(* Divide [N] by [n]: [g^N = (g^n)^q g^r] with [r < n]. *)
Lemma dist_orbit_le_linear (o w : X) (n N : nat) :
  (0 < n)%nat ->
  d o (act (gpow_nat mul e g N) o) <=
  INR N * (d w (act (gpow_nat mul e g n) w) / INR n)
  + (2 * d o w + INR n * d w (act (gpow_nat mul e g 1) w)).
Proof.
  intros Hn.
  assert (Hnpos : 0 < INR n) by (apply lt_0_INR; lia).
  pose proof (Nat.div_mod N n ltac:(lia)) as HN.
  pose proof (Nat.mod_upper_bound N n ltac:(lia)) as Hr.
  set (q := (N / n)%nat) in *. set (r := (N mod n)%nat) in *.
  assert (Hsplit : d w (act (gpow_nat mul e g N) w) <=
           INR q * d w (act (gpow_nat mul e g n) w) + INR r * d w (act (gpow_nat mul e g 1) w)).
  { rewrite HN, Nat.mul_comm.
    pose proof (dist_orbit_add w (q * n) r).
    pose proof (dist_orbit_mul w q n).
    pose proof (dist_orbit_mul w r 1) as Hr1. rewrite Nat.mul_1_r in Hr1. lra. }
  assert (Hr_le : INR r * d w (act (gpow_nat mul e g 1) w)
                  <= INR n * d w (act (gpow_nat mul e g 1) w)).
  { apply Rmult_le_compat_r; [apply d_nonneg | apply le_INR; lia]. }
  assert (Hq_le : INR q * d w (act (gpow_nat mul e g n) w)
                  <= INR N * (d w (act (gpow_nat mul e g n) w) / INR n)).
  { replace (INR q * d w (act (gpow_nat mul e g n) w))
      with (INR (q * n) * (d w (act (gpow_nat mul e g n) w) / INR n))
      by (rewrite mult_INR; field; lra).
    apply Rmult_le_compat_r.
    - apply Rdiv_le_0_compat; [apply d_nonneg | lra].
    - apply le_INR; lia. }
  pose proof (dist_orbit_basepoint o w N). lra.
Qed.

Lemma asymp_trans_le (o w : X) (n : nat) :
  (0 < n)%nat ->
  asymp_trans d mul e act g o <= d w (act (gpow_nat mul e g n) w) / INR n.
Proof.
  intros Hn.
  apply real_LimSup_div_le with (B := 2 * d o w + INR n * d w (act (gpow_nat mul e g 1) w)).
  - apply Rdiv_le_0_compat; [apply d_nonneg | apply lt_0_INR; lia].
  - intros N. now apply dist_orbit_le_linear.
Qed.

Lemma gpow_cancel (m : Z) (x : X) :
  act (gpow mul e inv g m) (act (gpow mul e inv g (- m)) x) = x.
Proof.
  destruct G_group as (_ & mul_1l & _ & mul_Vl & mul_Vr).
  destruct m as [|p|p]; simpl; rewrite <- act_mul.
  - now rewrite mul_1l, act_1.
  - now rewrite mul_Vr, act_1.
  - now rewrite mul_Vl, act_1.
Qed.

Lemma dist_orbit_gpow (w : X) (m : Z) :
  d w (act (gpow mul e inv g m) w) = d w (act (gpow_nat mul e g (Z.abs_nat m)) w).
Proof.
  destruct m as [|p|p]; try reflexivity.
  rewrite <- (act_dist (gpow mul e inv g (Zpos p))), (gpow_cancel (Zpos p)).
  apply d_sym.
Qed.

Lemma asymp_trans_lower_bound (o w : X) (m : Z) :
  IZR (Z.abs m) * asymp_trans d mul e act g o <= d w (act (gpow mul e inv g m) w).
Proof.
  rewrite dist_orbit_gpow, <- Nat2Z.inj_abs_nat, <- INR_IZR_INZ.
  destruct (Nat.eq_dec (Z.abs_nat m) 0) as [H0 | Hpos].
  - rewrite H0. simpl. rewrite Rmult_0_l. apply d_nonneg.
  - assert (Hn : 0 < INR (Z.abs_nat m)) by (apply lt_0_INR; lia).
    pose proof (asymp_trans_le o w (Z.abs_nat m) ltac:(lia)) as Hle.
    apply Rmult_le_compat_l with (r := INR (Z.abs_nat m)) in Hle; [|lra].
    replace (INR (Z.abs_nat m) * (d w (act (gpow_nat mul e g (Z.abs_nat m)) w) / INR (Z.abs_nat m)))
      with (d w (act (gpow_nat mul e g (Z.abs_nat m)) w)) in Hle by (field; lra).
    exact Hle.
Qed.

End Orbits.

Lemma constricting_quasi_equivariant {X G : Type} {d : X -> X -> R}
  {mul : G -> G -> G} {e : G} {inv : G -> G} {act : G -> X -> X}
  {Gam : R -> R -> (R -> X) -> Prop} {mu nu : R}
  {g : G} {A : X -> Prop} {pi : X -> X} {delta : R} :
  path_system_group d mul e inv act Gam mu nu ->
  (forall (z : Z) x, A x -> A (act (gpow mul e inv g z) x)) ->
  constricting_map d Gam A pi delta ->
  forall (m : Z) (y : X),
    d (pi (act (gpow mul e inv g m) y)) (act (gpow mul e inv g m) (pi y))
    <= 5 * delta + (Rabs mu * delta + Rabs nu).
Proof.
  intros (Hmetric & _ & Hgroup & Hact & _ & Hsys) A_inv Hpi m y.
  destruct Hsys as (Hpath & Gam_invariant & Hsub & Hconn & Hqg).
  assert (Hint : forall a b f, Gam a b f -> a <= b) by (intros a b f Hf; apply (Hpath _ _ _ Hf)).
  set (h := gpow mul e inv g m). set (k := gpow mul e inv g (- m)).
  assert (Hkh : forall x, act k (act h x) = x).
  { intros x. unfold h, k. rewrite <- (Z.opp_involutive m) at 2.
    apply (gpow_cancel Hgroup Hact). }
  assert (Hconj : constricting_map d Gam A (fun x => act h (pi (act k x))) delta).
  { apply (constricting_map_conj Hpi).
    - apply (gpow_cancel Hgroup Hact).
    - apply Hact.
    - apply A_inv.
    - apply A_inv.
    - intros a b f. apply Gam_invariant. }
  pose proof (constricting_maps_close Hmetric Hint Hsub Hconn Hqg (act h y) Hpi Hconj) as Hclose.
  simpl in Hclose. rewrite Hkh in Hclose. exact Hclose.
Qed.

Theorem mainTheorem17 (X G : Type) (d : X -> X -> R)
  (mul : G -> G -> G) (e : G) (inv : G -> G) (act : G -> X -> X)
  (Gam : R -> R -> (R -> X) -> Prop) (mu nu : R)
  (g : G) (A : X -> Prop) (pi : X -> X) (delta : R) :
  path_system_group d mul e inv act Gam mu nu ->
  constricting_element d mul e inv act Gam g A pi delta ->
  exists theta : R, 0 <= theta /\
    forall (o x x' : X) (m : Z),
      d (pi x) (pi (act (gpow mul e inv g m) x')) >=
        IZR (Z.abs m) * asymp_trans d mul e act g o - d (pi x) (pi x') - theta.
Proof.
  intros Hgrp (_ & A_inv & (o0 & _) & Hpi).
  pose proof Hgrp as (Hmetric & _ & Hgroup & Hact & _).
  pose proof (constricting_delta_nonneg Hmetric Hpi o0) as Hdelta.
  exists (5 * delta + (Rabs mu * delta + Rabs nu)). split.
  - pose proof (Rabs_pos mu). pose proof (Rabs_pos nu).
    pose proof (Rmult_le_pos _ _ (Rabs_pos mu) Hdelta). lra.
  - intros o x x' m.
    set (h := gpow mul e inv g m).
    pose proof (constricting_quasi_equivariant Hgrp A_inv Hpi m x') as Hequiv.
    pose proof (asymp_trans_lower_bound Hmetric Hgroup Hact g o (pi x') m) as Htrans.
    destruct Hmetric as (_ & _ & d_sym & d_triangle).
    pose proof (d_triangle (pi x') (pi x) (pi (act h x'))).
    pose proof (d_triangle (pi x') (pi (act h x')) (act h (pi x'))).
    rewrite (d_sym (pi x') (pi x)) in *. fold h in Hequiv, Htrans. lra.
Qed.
━━━━━━
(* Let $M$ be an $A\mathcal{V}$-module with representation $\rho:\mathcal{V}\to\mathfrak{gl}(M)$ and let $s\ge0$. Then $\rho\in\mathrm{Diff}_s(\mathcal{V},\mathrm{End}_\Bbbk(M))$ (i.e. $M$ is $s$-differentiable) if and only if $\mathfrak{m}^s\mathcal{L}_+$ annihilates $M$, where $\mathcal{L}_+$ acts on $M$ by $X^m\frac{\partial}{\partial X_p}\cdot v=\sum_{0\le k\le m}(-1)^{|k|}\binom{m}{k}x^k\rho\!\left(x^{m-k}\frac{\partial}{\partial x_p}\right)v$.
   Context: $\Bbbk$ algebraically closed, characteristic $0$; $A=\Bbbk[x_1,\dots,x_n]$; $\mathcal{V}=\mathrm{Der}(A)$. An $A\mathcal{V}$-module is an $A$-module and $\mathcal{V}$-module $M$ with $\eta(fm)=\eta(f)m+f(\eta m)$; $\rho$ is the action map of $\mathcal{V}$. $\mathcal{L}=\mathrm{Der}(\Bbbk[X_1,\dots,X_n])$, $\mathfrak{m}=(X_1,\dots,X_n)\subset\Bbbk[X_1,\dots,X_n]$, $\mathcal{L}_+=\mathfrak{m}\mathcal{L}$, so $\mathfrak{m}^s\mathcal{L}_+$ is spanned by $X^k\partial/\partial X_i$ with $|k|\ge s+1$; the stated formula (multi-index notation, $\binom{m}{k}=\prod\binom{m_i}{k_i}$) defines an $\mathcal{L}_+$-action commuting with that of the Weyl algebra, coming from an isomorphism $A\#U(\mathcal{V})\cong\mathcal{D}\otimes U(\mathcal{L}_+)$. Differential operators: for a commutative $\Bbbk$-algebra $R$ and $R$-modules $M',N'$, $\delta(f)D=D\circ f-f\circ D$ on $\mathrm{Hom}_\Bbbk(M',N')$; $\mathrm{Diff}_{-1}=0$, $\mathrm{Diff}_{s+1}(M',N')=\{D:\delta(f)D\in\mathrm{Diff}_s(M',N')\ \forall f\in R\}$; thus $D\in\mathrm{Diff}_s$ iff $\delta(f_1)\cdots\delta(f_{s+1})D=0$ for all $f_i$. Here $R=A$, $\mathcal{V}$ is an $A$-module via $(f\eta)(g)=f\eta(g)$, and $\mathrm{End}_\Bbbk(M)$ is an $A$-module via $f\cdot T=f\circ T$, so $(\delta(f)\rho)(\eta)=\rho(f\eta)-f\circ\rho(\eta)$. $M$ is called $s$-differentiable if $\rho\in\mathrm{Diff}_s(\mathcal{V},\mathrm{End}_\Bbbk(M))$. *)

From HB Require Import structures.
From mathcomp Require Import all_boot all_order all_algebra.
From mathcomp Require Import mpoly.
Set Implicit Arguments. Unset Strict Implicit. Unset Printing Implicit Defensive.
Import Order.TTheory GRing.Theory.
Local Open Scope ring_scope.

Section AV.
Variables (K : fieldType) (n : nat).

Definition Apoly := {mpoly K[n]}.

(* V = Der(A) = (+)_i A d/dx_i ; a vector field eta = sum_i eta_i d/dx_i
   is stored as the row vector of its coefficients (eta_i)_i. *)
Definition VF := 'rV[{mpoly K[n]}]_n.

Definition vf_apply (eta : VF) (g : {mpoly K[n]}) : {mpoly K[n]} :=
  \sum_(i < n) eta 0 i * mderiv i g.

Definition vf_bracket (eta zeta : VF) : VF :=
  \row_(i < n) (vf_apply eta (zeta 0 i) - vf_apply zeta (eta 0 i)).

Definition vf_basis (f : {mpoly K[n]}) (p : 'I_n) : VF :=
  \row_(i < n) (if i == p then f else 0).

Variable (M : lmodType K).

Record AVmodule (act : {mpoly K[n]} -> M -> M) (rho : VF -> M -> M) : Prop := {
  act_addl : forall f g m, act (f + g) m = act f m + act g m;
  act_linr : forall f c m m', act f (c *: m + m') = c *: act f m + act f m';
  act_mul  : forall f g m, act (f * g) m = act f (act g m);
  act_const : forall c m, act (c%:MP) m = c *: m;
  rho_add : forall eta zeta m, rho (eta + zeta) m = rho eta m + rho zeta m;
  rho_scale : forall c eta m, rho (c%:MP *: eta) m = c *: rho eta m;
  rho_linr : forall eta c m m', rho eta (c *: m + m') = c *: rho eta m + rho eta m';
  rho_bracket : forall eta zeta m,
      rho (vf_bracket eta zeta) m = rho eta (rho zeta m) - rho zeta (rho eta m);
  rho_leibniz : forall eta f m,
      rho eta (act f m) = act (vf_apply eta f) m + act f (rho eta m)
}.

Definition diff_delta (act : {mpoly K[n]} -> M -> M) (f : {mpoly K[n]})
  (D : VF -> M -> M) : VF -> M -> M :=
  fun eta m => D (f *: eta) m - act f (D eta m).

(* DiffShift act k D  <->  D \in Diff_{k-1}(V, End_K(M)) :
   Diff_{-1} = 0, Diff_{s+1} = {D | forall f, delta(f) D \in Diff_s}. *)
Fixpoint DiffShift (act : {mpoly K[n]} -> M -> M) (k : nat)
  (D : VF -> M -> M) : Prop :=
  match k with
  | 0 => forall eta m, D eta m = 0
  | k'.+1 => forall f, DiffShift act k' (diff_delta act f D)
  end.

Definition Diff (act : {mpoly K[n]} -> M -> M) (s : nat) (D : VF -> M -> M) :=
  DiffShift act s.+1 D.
━━━━━━
* What you will do *
Each line of the records that holds the word "Htrans" should be copied out.

* Exercise output *
    pose proof (asymp_trans_lower_bound Hmetric Hgroup Hact g o (pi x') m) as Htrans.
    rewrite (d_sym (pi x') (pi x)) in *. fold h in Hequiv, Htrans. lra.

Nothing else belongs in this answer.